WORK TO BE COMPLETED — Work out how many lines below hold the string "Hinc" and state only that figure.

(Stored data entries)
BEGIN
(* Every $\mathrm{LTL}(\sim)$-formula $\varphi$ that does not contain the operator $\mathsf X$ is stutter-invariant: for all teams $T,T'$ with $T\equiv_{\mathrm{st}}T'$ we have $T\models\varphi\iff T'\models\varphi$.
   Context: Let $\mathrm{AP}$ be a countably infinite set of atomic propositions. A trace is an infinite sequence $t=t(0)t(1)\cdots\in(\wp\mathrm{AP})^\omega$, and $t^i=t(i)t(i+1)\cdots$. A team is a (possibly empty) set $T$ of traces, and $T^i=\{t^i: t\in T\}$. Formulas of $\mathrm{LTL}(\sim)$ are given by $\varphi::=p\mid\neg\varphi\mid\varphi\wedge\varphi\mid\varphi\vee\varphi\mid\mathsf X\varphi\mid\mathsf F\varphi\mid\mathsf G\varphi\mid\varphi\,\mathsf U\,\varphi\mid\varphi\,\mathsf R\,\varphi\mid{\sim}\varphi$ with $p\in\mathrm{AP}$. Synchronous team semantics: $T\models p$ iff $p\in t(0)$ for all $t\in T$; $T\models\neg\varphi$ iff $\{t\}\not\models\varphi$ for all $t\in T$; $T\models\varphi\wedge\psi$ iff $T\models\varphi$ and $T\models\psi$; $T\models\varphi\vee\psi$ iff $T=S\cup U$ for some $S,U$ with $S\models\varphi$ and $U\models\psi$; $T\models\mathsf X\varphi$ iff $T^1\models\varphi$; $T\models\mathsf F\varphi$ iff $T^k\models\varphi$ for some $k\ge0$; $T\models\mathsf G\varphi$ iff $T^k\models\varphi$ for all $k\ge0$; $T\models\varphi\,\mathsf U\,\psi$ iff there is $k\ge0$ with $T^k\models\psi$ and $T^j\models\varphi$ for all $j<k$; $T\models\varphi\,\mathsf R\,\psi$ iff for all $k\ge0$, $T^k\models\psi$ or $T^j\models\varphi$ for some $j<k$; $T\models{\sim}\varphi$ iff $T\not\models\varphi$. A stuttering function of a trace $t$ is a strictly increasing function $f:\mathbb N\to\mathbb N$ with $f(0)=0$ such that $t(f(k))=t(f(k)+1)=\cdots=t(f(k+1)-1)$ for all $k\ge0$. A stuttering function of a team $T$ is a function that is a stuttering function of every $t\in T$. For $f:\mathbb N\to\mathbb N$, $t[f]:=t(f(0))t(f(1))t(f(2))\cdots$ and $T[f]:=\{t[f]:t\in T\}$. Teams $T,T'$ are stutter-equivalent ($T\equiv_{\mathrm{st}}T'$) if there are a stuttering function $f$ of $T$ and a stuttering function $f'$ of $T'$ with $T[f]=T'[f']$. *)

From Stdlib Require Import Arith.

Definition AP := nat.
(* A letter is a subset of AP, given by its characteristic function. *)
Definition letter := AP -> bool.
Definition trace := nat -> letter.
(* A team is a (possibly empty) set of traces. *)
Definition team := trace -> Prop.

Definition tsuffix (t : trace) (i : nat) : trace := fun n => t (i + n).
Definition team_suffix (T : team) (i : nat) : team :=
  fun u => exists t, T t /\ u = tsuffix t i.
Definition singleton (t : trace) : team := fun u => u = t.

Inductive formula : Type :=
| Atom : AP -> formula
| Neg : formula -> formula
| And : formula -> formula -> formula
| Or : formula -> formula -> formula
| Next : formula -> formula
| Fut : formula -> formula
| Glob : formula -> formula
| Until : formula -> formula -> formula
| Release : formula -> formula -> formula
| Sim : formula -> formula.

Fixpoint sat (T : team) (phi : formula) {struct phi} : Prop :=
  match phi with
  | Atom p => forall t, T t -> t 0 p = true
  | Neg a => forall t, T t -> ~ sat (singleton t) a
  | And a b => sat T a /\ sat T b
  | Or a b => exists S U : team,
      (forall t, T t <-> (S t \/ U t)) /\ sat S a /\ sat U b
  | Next a => sat (team_suffix T 1) a
  | Fut a => exists k, sat (team_suffix T k) a
  | Glob a => forall k, sat (team_suffix T k) a
  | Until a b => exists k, sat (team_suffix T k) b /\
      forall j, j < k -> sat (team_suffix T j) a
  | Release a b => forall k, sat (team_suffix T k) b \/
      exists j, j < k /\ sat (team_suffix T j) a
  | Sim a => ~ sat T a
  end.

Fixpoint X_free (phi : formula) : bool :=
  match phi with
  | Atom _ => true
  | Neg a | Fut a | Glob a | Sim a => X_free a
  | Next _ => false
  | And a b | Or a b | Until a b | Release a b => X_free a && X_free b
  end.

Definition stuttering_fun (t : trace) (f : nat -> nat) : Prop :=
  (forall k, f k < f (S k)) /\ f 0 = 0 /\
  (forall k j, f k <= j < f (S k) -> t j = t (f k)).

Definition team_stuttering_fun (T : team) (f : nat -> nat) : Prop :=
  forall t, T t -> stuttering_fun t f.

Definition tcomp (t : trace) (f : nat -> nat) : trace := fun k => t (f k).
Definition team_comp (T : team) (f : nat -> nat) : team :=
  fun u => exists t, T t /\ u = tcomp t f.

Definition stutter_equiv (T T' : team) : Prop :=
  exists f f', team_stuttering_fun T f /\ team_stuttering_fun T' f' /\
    (forall u, team_comp T f u <-> team_comp T' f' u).

(* A stuttering function f is in particular a schedule: strictly increasing
   with f 0 = 0.  Every position j lies in a unique block [f k, f (k+1)), whose
   index k we call [block f j].  The heart of the proof is that sampling a team
   T at a schedule f along which all its traces are blockwise constant
   preserves every X-free formula: sat T phi <-> sat T[f] phi.  This is shown by
   induction on phi, one lemma per connective.  For the temporal operators the
   suffix T^j corresponds to the suffix T[f]^(block f j) sampled at a shifted
   schedule, so the induction hypothesis turns each quantification over
   positions of T into one over positions of T[f] reindexed by [block f]; the
   transfer lemmas for F, G, U and R show that this reindexing is harmless
   because [block f] is monotone, surjective and has f as a section.
   The theorem follows by sampling both stutter-equivalent teams to their
   common team T[f] = T'[f'] (the empty team being trivial). *)

From Stdlib Require Import Arith Lia Classical FunctionalExtensionality.

Definition team_eq (T T' : team) : Prop := forall t, T t <-> T' t.

Lemma team_suffix_eq : forall T T' k,
  team_eq T T' -> team_eq (team_suffix T k) (team_suffix T' k).
Proof.
  intros T T' k H t; unfold team_suffix.
  split; intros [u [Hu ->]]; exists u; split; auto; apply H; auto.
Qed.

Lemma sat_team_eq : forall phi T T', team_eq T T' -> (sat T phi <-> sat T' phi).
Proof.
  induction phi; intros T T' H; simpl.
  - split; intros Hs t Ht; apply Hs, H, Ht.
  - split; intros Hs t Ht; apply Hs, H, Ht.
  - rewrite (IHphi1 T T'), (IHphi2 T T'); tauto.
  - split; intros [S [U [HSU HSat]]]; exists S, U; split; auto;
      intros t; rewrite <- HSU; firstorder.
  - apply IHphi, team_suffix_eq, H.
  - assert (E := fun k => IHphi _ _ (team_suffix_eq T T' k H)).
    split; intros [k Hk]; exists k; apply (E k), Hk.
  - assert (E := fun k => IHphi _ _ (team_suffix_eq T T' k H)).
    split; intros Hk k; apply (E k), Hk.
  - assert (E1 := fun k => IHphi1 _ _ (team_suffix_eq T T' k H)).
    assert (E2 := fun k => IHphi2 _ _ (team_suffix_eq T T' k H)).
    split; intros [k [Hb Ha]]; exists k; split;
      try (intros j Hj; apply (E1 j), Ha, Hj); apply (E2 k), Hb.
  - assert (E1 := fun k => IHphi1 _ _ (team_suffix_eq T T' k H)).
    assert (E2 := fun k => IHphi2 _ _ (team_suffix_eq T T' k H)).
    split; intros Hk k; destruct (Hk k) as [B | [j [Hj A]]];
      try (left; apply (E2 k), B); right; exists j; split; auto; apply (E1 j), A.
  - rewrite (IHphi T T' H); tauto.
Qed.

(* The order-theoretic part of a stuttering function. *)
Definition schedule (f : nat -> nat) : Prop :=
  (forall k, f k < f (S k)) /\ f 0 = 0.

(* The data-dependent part: every trace of T is constant on each f-block. *)
Definition blockwise_constant (T : team) (f : nat -> nat) : Prop :=
  forall t, T t -> forall k j, f k <= j < f (S k) -> t j = t (f k).

(* [block f j] is the index of the f-block containing j, computed incrementally. *)
Fixpoint block (f : nat -> nat) (j : nat) : nat :=
  match j with
  | 0 => 0
  | S j' => let k := block f j' in if f (S k) <=? S j' then S k else k
  end.

Section Schedule.
Variable f : nat -> nat.
Hypothesis Hf : schedule f.

Lemma schedule_lt : forall a b, a < b -> f a < f b.
Proof.
  destruct Hf as [Hinc _]; intros a b H; induction H.
  - apply Hinc.
  - specialize (Hinc m); lia.
Qed.

Lemma schedule_le : forall a b, a <= b -> f a <= f b.
Proof.
  intros a b H; destruct (Nat.eq_dec a b) as [-> | Hne]; [lia |].
  pose proof (schedule_lt a b); lia.
Qed.

Lemma block_spec : forall j, f (block f j) <= j < f (S (block f j)).
Proof.
  destruct Hf as [Hinc H0].
  induction j; simpl.
  - rewrite H0; specialize (Hinc 0); lia.
  - destruct (Nat.leb_spec (f (S (block f j))) (S j)).
    + specialize (Hinc (S (block f j))); lia.
    + lia.
Qed.

(* Blocks are disjoint, so the block index is determined by membership. *)
Lemma block_unique : forall k j, f k <= j < f (S k) -> block f j = k.
Proof.
  intros k j H; pose proof (block_spec j).
  destruct (lt_eq_lt_dec (block f j) k) as [[L | E] | L]; auto.
  - pose proof (schedule_le (S (block f j)) k L); lia.
  - pose proof (schedule_le (S k) (block f j) L); lia.
Qed.

Lemma block_of_f : forall k, block f (f k) = k.
Proof.
  intros k; apply block_unique; destruct Hf as [Hinc _]; specialize (Hinc k); lia.
Qed.

Lemma block_lt : forall i k, i < f k -> block f i < k.
Proof.
  intros i k H; pose proof (block_spec i).
  destruct (le_lt_dec k (block f i)) as [L | L]; auto.
  pose proof (schedule_le _ _ L); lia.
Qed.

Lemma lt_block : forall m j, m < block f j -> f m < j.
Proof.
  intros m j H; pose proof (block_spec j).
  pose proof (schedule_le (S m) (block f j) H).
  destruct Hf as [Hinc _]; specialize (Hinc m); lia.
Qed.

(* Transfer of the temporal quantifier patterns along the reindexing
   [block f]: P speaks about positions j, Q about block indices. *)
Section Transfer.
Variables P1 P2 Q1 Q2 : nat -> Prop.
Hypothesis HP1 : forall j, P1 j <-> Q1 (block f j).
Hypothesis HP2 : forall j, P2 j <-> Q2 (block f j).

Lemma exists_transfer : (exists j, P2 j) <-> (exists k, Q2 k).
Proof.
  split.
  - intros [j Hj]; exists (block f j); apply HP2, Hj.
  - intros [k Hk]; exists (f k); apply HP2; rewrite block_of_f; exact Hk.
Qed.

Lemma forall_transfer : (forall j, P2 j) <-> (forall k, Q2 k).
Proof.
  split.
  - intros H k; rewrite <- (block_of_f k); apply HP2, H.
  - intros H j; apply HP2, H.
Qed.

Lemma until_transfer :
  (exists j, P2 j /\ forall i, i < j -> P1 i) <->
  (exists k, Q2 k /\ forall m, m < k -> Q1 m).
Proof.
  split.
  - intros [j [Hb Ha]]; exists (block f j); split; [apply HP2, Hb |].
    intros m Hm; rewrite <- (block_of_f m); apply HP1, Ha, lt_block, Hm.
  - intros [k [Hb Ha]]; exists (f k); split.
    + apply HP2; rewrite block_of_f; exact Hb.
    + intros i Hi; apply HP1, Ha, block_lt, Hi.
Qed.

Lemma release_transfer :
  (forall j, P2 j \/ exists i, i < j /\ P1 i) <->
  (forall k, Q2 k \/ exists m, m < k /\ Q1 m).
Proof.
  split.
  - intros H k; destruct (H (f k)) as [B | [i [Hi A]]].
    + left; rewrite <- (block_of_f k); apply HP2, B.
    + right; exists (block f i); split; [apply block_lt, Hi | apply HP1, A].
  - intros H j; destruct (H (block f j)) as [B | [m [Hm A]]].
    + left; apply HP2, B.
    + right; exists (f m); split; [apply lt_block, Hm |].
      apply HP1; rewrite block_of_f; exact A.
Qed.

End Transfer.

(* The schedule seen from position j: its blocks are those of f restricted
   to [j, oo), the first one being the remainder of the block of j. *)
Definition shift (j n : nat) : nat :=
  match n with 0 => 0 | S n => f (S (block f j) + n) - j end.

Lemma shift_schedule : forall j, schedule (shift j).
Proof.
  intros j; split; auto.
  pose proof (block_spec j).
  intros [| n]; unfold shift; simpl.
  - rewrite Nat.add_0_r; lia.
  - pose proof (schedule_le (S (block f j)) (S (block f j) + n) ltac:(lia)).
    pose proof (schedule_lt (S (block f j) + n) (S (block f j) + S n) ltac:(lia)).
    simpl in *; lia.
Qed.

Lemma shift_succ : forall j n, j + shift j (S n) = f (S (block f j) + n).
Proof.
  intros j n; unfold shift; pose proof (block_spec j).
  pose proof (schedule_le (S (block f j)) (S (block f j) + n) ltac:(lia)); lia.
Qed.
END
RESPONSE — 8